= Minister of State for European Affairs =

List of Irish Ministers of State for European Affairs

The minister of state for European affairs is a junior ministerial post at the Department of the Taoiseach and the Department of Foreign Affairs and Trade of the Government of Ireland with special responsibility for European Affairs. The minister works with the Taoiseach and the minister for foreign affairs and trade.
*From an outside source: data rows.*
(* Let $\Gamma$ be the 3-hypergraph with vertex set $\mathbb{F}_7=\{0,1,\dots,6\}$ whose edges are the 14 triples $\{0,1,3\},\{0,2,6\},\{0,2,3\},\{0,4,5\},\{0,1,5\},\{0,4,6\},\{1,2,4\},\{2,3,5\},\{3,4,6\},\{1,5,6\},\{1,3,4\},\{2,4,5\},\{3,5,6\},\{1,2,6\}$ (this is one of the two orbits of $\mathrm{AGL}_1(7)=\{x\mapsto ax+b: a\in\mathbb{F}_7^*,b\in\mathbb{F}_7\}$ on 3-subsets). Then $\Gamma$ is set-homogeneous but not homogeneous.
   Context: A 3-hypergraph is a pair $(X,E)$ with $E$ a set of 3-element subsets (edges). It is set-homogeneous if for every $t\ge1$, whenever $U,V\subseteq X$ with $|U|=|V|=t$ carry isomorphic induced subhypergraphs there is an automorphism $g$ with $U^g=V$; homogeneous if every isomorphism between induced subhypergraphs extends to an automorphism. *)

From mathcomp Require Import all_boot all_fingroup.
Set Implicit Arguments. Unset Strict Implicit. Unset Printing Implicit Defensive.

Definition is_3hypergraph (T : finType) (E : {set {set T}}) : Prop :=
  forall A, A \in E -> #|A| = 3.

Definition induced_iso (T : finType) (E : {set {set T}}) (U V : {set T})
  (f : T -> T) : Prop :=
  [/\ {in U &, injective f}, f @: U = V &
      forall A : {set T}, A \subset U -> (A \in E) = (f @: A \in E)].

Definition hautomorphism (T : finType) (E : {set {set T}}) (g : {perm T}) : Prop :=
  forall A : {set T}, (A \in E) = (g @: A \in E).

Definition set_homogeneous (T : finType) (E : {set {set T}}) : Prop :=
  forall U V : {set T}, 1 <= #|U| -> #|U| = #|V| ->
    (exists f, induced_iso E U V f) ->
    exists g : {perm T}, hautomorphism E g /\ g @: U = V.

Definition homogeneous (T : finType) (E : {set {set T}}) : Prop :=
  forall (U V : {set T}) (f : T -> T), induced_iso E U V f ->
    exists g : {perm T}, hautomorphism E g /\ {in U, forall x, g x = f x}.

Definition gamma_triples : seq (nat * nat * nat) :=
  [:: (0,1,3); (0,2,6); (0,2,3); (0,4,5); (0,1,5); (0,4,6); (1,2,4);
      (2,3,5); (3,4,6); (1,5,6); (1,3,4); (2,4,5); (3,5,6); (1,2,6)].

Definition Gamma : {set {set 'I_7}} :=
  [set A : {set 'I_7} | A \in [seq [set (inord t.1.1 : 'I_7); inord t.1.2; inord t.2]
                                 | t <- gamma_triples]].

From mathcomp Require Import all_boot all_fingroup ssralg zmodp.
Set Implicit Arguments. Unset Strict Implicit. Unset Printing Implicit Defensive.

(* The affine group AGL_1(7), generated by x |-> x + 1 and x |-> 3 x, acts on
   Gamma by automorphisms, and two subsets lie in the same orbit as soon as they
   have the same size and contain the same number of edges.  An isomorphism
   between induced subhypergraphs preserves both numbers, so Gamma is
   set-homogeneous.  It is not homogeneous: the transposition (1 2) preserves
   the two edges {0,1,3}, {0,2,3} inside {0,1,2,3}, but an automorphism g
   extending it would send the edges {0,1,5}, {1,2,4}, {1,5,6} to edges
   {0,2,g5}, {1,2,g4}, {2,g5,g6}; this forces g5 = 6, g4 = 4, g6 = 5, and
   {2,5,6} is not an edge. *)

Section ImsetIn.

Variables (aT rT : finType) (f : aT -> rT) (U : {set aT}).

Lemma imset_inj_in : {in U &, injective f} ->
  {in [pred A : {set aT} | A \subset U] &, injective (fun A : {set aT} => f @: A)}.
Proof.
move=> f_inj.
suff sub (A B : {set aT}) :
    A \subset U -> B \subset U -> f @: A = f @: B -> A \subset B.
  by move=> A B /[!inE] sAU sBU fAB; apply/eqP; rewrite eqEsubset (sub A B) // (sub B A).
move=> sAU sBU fAB; apply/subsetP => x xA.
have /imsetP[y yB fxy] : f x \in f @: B by rewrite -fAB imset_f.
by rewrite (f_inj x y (subsetP sAU x xA) (subsetP sBU y yB) fxy).
Qed.

Lemma imset_restricted_preimset (B : {set rT}) :
  B \subset f @: U -> f @: [set x in U | f x \in B] = B.
Proof.
move=> sBfU; apply/setP => y; apply/imsetP/idP => [[x /[!inE] /andP[_ fxB] ->] //|yB].
have /imsetP[x xU fx] := subsetP sBfU y yB.
by exists x; rewrite // inE xU -fx.
Qed.

End ImsetIn.

Section HypergraphAutomorphisms.

Variables (T : finType) (E : {set {set T}}).

Definition haut : {set {perm T}} :=
  [set g : {perm T} | [forall A : {set T}, (A \in E) == (g @: A \in E)]].

Lemma hautP g : reflect (hautomorphism E g) (g \in haut).
Proof.
rewrite inE; apply: (iffP forallP) => hg A; first exact/eqP.
by rewrite hg.
Qed.

Lemma group_set_haut : group_set haut.
Proof.
apply/group_setP; split.
  by apply/hautP => A; rewrite (eq_imset _ (@perm1 _)) imset_id.
move=> g h /hautP hg /hautP hh; apply/hautP => A.
by rewrite hg hh -imset_comp (eq_imset _ (fun x => esym (permM g h x))).
Qed.

Canonical haut_group := group group_set_haut.

Definition edges_in (U : {set T}) := [set A in E | A \subset U].

Lemma card_edges_in_induced_iso U V f :
  induced_iso E U V f -> #|edges_in U| = #|edges_in V|.
Proof.
case=> f_inj fUV f_edges.
have imsetE_inj : {in edges_in U &, injective (fun A : {set T} => f @: A)}.
  by apply: sub_in2 (imset_inj_in f_inj) => A /[!inE] /andP[].
rewrite -(card_in_imset imsetE_inj); apply: eq_card => B.
apply/imsetP/idP => [[A /[!inE] /andP[EA sAU] ->]|].
  by rewrite -f_edges // EA -fUV imsetS.
rewrite inE => /andP[EB sBV].
have sBfU : B \subset f @: U by rewrite fUV.
have sAU : [set x in U | f x \in B] \subset U by apply/subsetP => x /[!inE] /andP[].
exists [set x in U | f x \in B]; last by rewrite imset_restricted_preimset.
by rewrite inE sAU f_edges // imset_restricted_preimset // EB.
Qed.

Lemma haut_induced_iso g (U : {set T}) : g \in haut -> induced_iso E U (g @: U) g.
Proof. by move=> /hautP hg; split=> // x y _ _; apply: perm_inj. Qed.

Lemma card_edges_in_haut g (U : {set T}) :
  g \in haut -> #|edges_in (g @: U)| = #|edges_in U|.
Proof. by move=> hg; rewrite (card_edges_in_induced_iso (haut_induced_iso U hg)). Qed.

Lemma set_homogeneous_of_representatives (reps : seq {set T}) :
  {in reps &, injective (fun R : {set T} => (#|R|, #|edges_in R|))} ->
  (forall U : {set T}, exists2 g, g \in haut & g @: U \in reps) ->
  set_homogeneous E.
Proof.
move=> reps_inj to_rep U V _ cardUV [f isoUV].
have [gU hgU repU] := to_rep U; have [gV hgV repV] := to_rep V.
have sameR : gU @: U = gV @: V.
  apply: reps_inj => //; congr (_, _).
    by rewrite !card_imset ?cardUV //; apply: perm_inj.
  by rewrite !card_edges_in_haut // (card_edges_in_induced_iso isoUV).
exists (gU * gV^-1)%g; split; first by apply/hautP; rewrite groupM ?groupV.
rewrite (eq_imset _ (permM gU gV^-1)) imset_comp sameR -imset_comp.
by rewrite (eq_imset _ (permK gV)) imset_id.
Qed.

End HypergraphAutomorphisms.

Lemma imset_set3 (aT rT : finType) (f : aT -> rT) (x y z : aT) :
  f @: [set x; y; z] = [set f x; f y; f z].
Proof. by rewrite imsetU imsetU1 !imset_set1. Qed.

Local Notation pt n := (@inord 6 n).

Implicit Types A B R U : {set 'I_7}.

(* Finite checks on Gamma are run by computation on this encoding: [inord] and
   finset operations on {set 'I_7} do not reduce to values in practice. *)
Definition bits (A : {set 'I_7}) : bitseq := [seq pt i \in A | i <- iota 0 7].

Lemma size_bits A : size (bits A) = 7.
Proof. by rewrite size_map size_iota. Qed.

Lemma nth_bits A i : i < 7 -> nth false (bits A) i = (pt i \in A).
Proof. by move=> lt_i7; rewrite (nth_map 0) ?size_iota ?nth_iota. Qed.

Lemma mem_bits A x : (x \in A) = nth false (bits A) x.
Proof. by rewrite nth_bits ?inord_val. Qed.

Lemma bits_inj : injective bits.
Proof. by move=> A B eqAB; apply/setP => x; rewrite !mem_bits eqAB. Qed.

Lemma card_bits A : #|A| = count id (bits A).
Proof.
rewrite cardE size_filter count_map -val_enum_ord count_map enumT.
by apply: eq_count => x /=; rewrite inord_val.
Qed.

Definition subbits (s u : bitseq) :=
  all (fun i => nth false s i ==> nth false u i) (iota 0 7).

Lemma subset_bits A B : (A \subset B) = subbits (bits A) (bits B).
Proof.
apply/subsetP/allP => [sAB i /[!mem_iota] /andP[_ lt_i7]|sAB x].
  by rewrite !nth_bits //; apply/implyP/sAB.
by rewrite !mem_bits; apply/implyP/sAB; rewrite mem_iota /=.
Qed.

Definition indicator (s : seq nat) : bitseq := [seq i \in s | i <- iota 0 7].

Definition nset (s : seq nat) : {set 'I_7} := [set x : 'I_7 | nat_of_ord x \in s].

Lemma bits_nset s : bits (nset s) = indicator s.
Proof.
by apply/eq_in_map => i /[!mem_iota] /andP[_ lt_i7]; rewrite inE /= inordK.
Qed.

Lemma set3_nset (x y z : 'I_7) :
  [set x; y; z] = nset [:: nat_of_ord x; nat_of_ord y; nat_of_ord z].
Proof. by apply/setP => w; rewrite !inE !val_eqE orbA. Qed.

Fixpoint bitseqs n : seq bitseq :=
  if n is n'.+1 then [seq b :: s | b <- [:: true; false], s <- bitseqs n']
  else [:: [::]].

Lemma mem_bitseqs s : s \in bitseqs (size s).
Proof.
by elim: s => //= b s IHs; case: b; rewrite !mem_cat map_f ?orbT.
Qed.

Lemma bits_in_bitseqs A : bits A \in bitseqs 7.
Proof. by rewrite -(size_bits A) mem_bitseqs. Qed.

Definition nat_model (g : 'I_7 -> 'I_7) (gf : nat -> nat) :=
  forall i, i < 7 -> nat_of_ord (g (pt i)) = gf i.

Definition imgbits (gf : nat -> nat) (s : bitseq) : bitseq :=
  [seq has (fun j => nth false s j && (gf j == i)) (iota 0 7) | i <- iota 0 7].

Lemma bits_imset g gf A : nat_model g gf -> bits (g @: A) = imgbits gf (bits A).
Proof.
move=> gm; apply/eq_in_map => i /[!mem_iota] /andP[_ lt_i7].
apply/imsetP/hasP => [[x xA /(congr1 (@nat_of_ord 7))]|[j /[!mem_iota] /andP[_ lt_j7]]].
  rewrite inordK // => gx; exists (nat_of_ord x); first by rewrite mem_iota /=.
  by rewrite -mem_bits xA -(gm _ (ltn_ord x)) inord_val gx eqxx.
move=> /andP[jA /eqP gfj]; exists (pt j); first by rewrite mem_bits inordK.
by apply: ord_inj; rewrite gm // gfj inordK.
Qed.

Lemma nat_modelM (g h : {perm 'I_7}) gf hf :
  nat_model g gf -> nat_model h hf -> nat_model (g * h)%g (hf \o gf).
Proof.
by move=> gm hm i lt_i7; rewrite permM -[g _]inord_val (hm _ (ltn_ord _)) gm.
Qed.

Lemma nat_modelX (g : {perm 'I_7}) gf n :
  nat_model g gf -> nat_model (g ^+ n)%g (iter n gf).
Proof.
move=> gm; elim: n => [|n IHn] i lt_i7; first by rewrite expg0 perm1 inordK.
by rewrite expgSr (nat_modelM IHn gm).
Qed.

Definition gamma_edges : seq {set 'I_7} :=
  [seq [set inord t.1.1; inord t.1.2; inord t.2] | t <- gamma_triples].

Definition gamma_bits : seq bitseq :=
  [seq indicator [:: t.1.1; t.1.2; t.2] | t <- gamma_triples].

Lemma Gamma_edges A : (A \in Gamma) = (A \in gamma_edges).
Proof. by rewrite inE. Qed.

Lemma map_bits_gamma_edges : map bits gamma_edges = gamma_bits.
Proof.
have triples_lt7 : all (fun t => [&& t.1.1 < 7, t.1.2 < 7 & t.2 < 7]) gamma_triples.
  by [].
rewrite -map_comp; apply/eq_in_map => t /(allP triples_lt7) /and3P[lt1 lt2 lt3].
by rewrite /= set3_nset bits_nset !inordK.
Qed.

Lemma mem_Gamma A : (A \in Gamma) = (bits A \in gamma_bits).
Proof. by rewrite Gamma_edges -map_bits_gamma_edges (mem_map bits_inj). Qed.

Lemma mem_Gamma3 (x y z : 'I_7) :
  ([set x; y; z] \in Gamma) =
  (indicator [:: nat_of_ord x; nat_of_ord y; nat_of_ord z] \in gamma_bits).
Proof. by rewrite mem_Gamma set3_nset bits_nset. Qed.

Lemma card_edges_in_Gamma R :
  #|edges_in Gamma R| = count (subbits^~ (bits R)) gamma_bits.
Proof.
have uniq_edges : uniq gamma_edges.
  by rewrite -(map_inj_uniq bits_inj) map_bits_gamma_edges; vm_compute.
rewrite -map_bits_gamma_edges count_map -size_filter.
rewrite -(card_uniqP (filter_uniq _ uniq_edges)).
by apply: eq_card => A; rewrite in_set Gamma_edges mem_filter /= subset_bits andbC.
Qed.

Lemma haut_Gamma_bits (g : {perm 'I_7}) gf : nat_model g gf ->
  all (fun s => (s \in gamma_bits) == (imgbits gf s \in gamma_bits)) (bitseqs 7) ->
  g \in haut Gamma.
Proof.
move=> gm aut_bits; apply/hautP => A; rewrite !mem_Gamma (bits_imset _ gm).
exact/eqP/(allP aut_bits _ (bits_in_bitseqs A)).
Qed.

Lemma is_3hypergraph_Gamma : is_3hypergraph Gamma.
Proof.
have card3 : all (fun s => count id s == 3) gamma_bits by [].
by move=> A; rewrite mem_Gamma card_bits => /(allP card3) /eqP.
Qed.

Lemma unit3 : (3 : 'I_7)%R \is a GRing.unit.
Proof. by []. Qed.

Definition shift : {perm 'I_7} := perm (@GRing.addIr _ (1 : 'I_7)%R).
Definition scale : {perm 'I_7} := perm (GRing.mulrI unit3).

Definition shift_nat i := i.+1 %% 7.
Definition scale_nat i := 3 * i %% 7.

Lemma shift_model : nat_model shift shift_nat.
Proof. by move=> i lt_i7; rewrite permE /= inordK // addn1. Qed.

Lemma scale_model : nat_model scale scale_nat.
Proof. by move=> i lt_i7; rewrite permE /= inordK. Qed.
The minister of state does not hold cabinet rank.

The current officeholder is Thomas Byrne, TD, who was appointed in January 2025.

==List of ministers of state==

| Name | Term of office |  | Party |  | Government |
|---|---|---|---|---|---|
| George Birmingham | 13 February 1986 | 10 March 1987 |  | Fine Gael | 19th |
| Máire Geoghegan-Quinn | 12 March 1987 | 15 November 1991 |  | Fianna Fáil | 20th • 21st |
| Michael P. Kitt | 15 November 1991 | 11 February 1992 |  | Fianna Fáil | 22nd |
| Tom Kitt | 13 February 1992 | 15 December 1994 |  | Fianna Fáil | 23rd |
| Gay Mitchell | 20 December 1994 | 26 June 1997 |  | Fine Gael | 24th |
| Dick Roche | 19 June 2002 | 29 September 2004 |  | Fianna Fáil | 26th |
| Noel Treacy | 29 September 2004 | 20 June 2007 |  | Fianna Fáil | 26th |
| Dick Roche | 20 June 2007 | 9 March 2011 |  | Fianna Fáil | 27th • 28th |
| Lucinda Creighton | 10 March 2011 | 11 July 2013 |  | Fine Gael | 29th |
| Paschal Donohoe | 12 July 2013 | 11 July 2014 |  | Fine Gael | 29th |
| Dara Murphy | 15 July 2014 | 20 June 2017 |  | Fine Gael | 29th • 30th |
| Helen McEntee | 20 June 2017 | 27 June 2020 |  | Fine Gael | 31st |
| Thomas Byrne | 1 July 2020 | 17 December 2022 |  | Fianna Fáil | 32nd |
| Peter Burke | 21 December 2022 | 9 April 2024 |  | Fine Gael | 33rd |
| Jennifer Carroll MacNeill | 9 April 2024 | 23 January 2025 |  | Fine Gael | 34th |
| Thomas Byrne | 29 January 2025 | Incumbent |  | Fianna Fáil | 35th |

==See also==
- Minister for European Affairs – a similar position in other governments.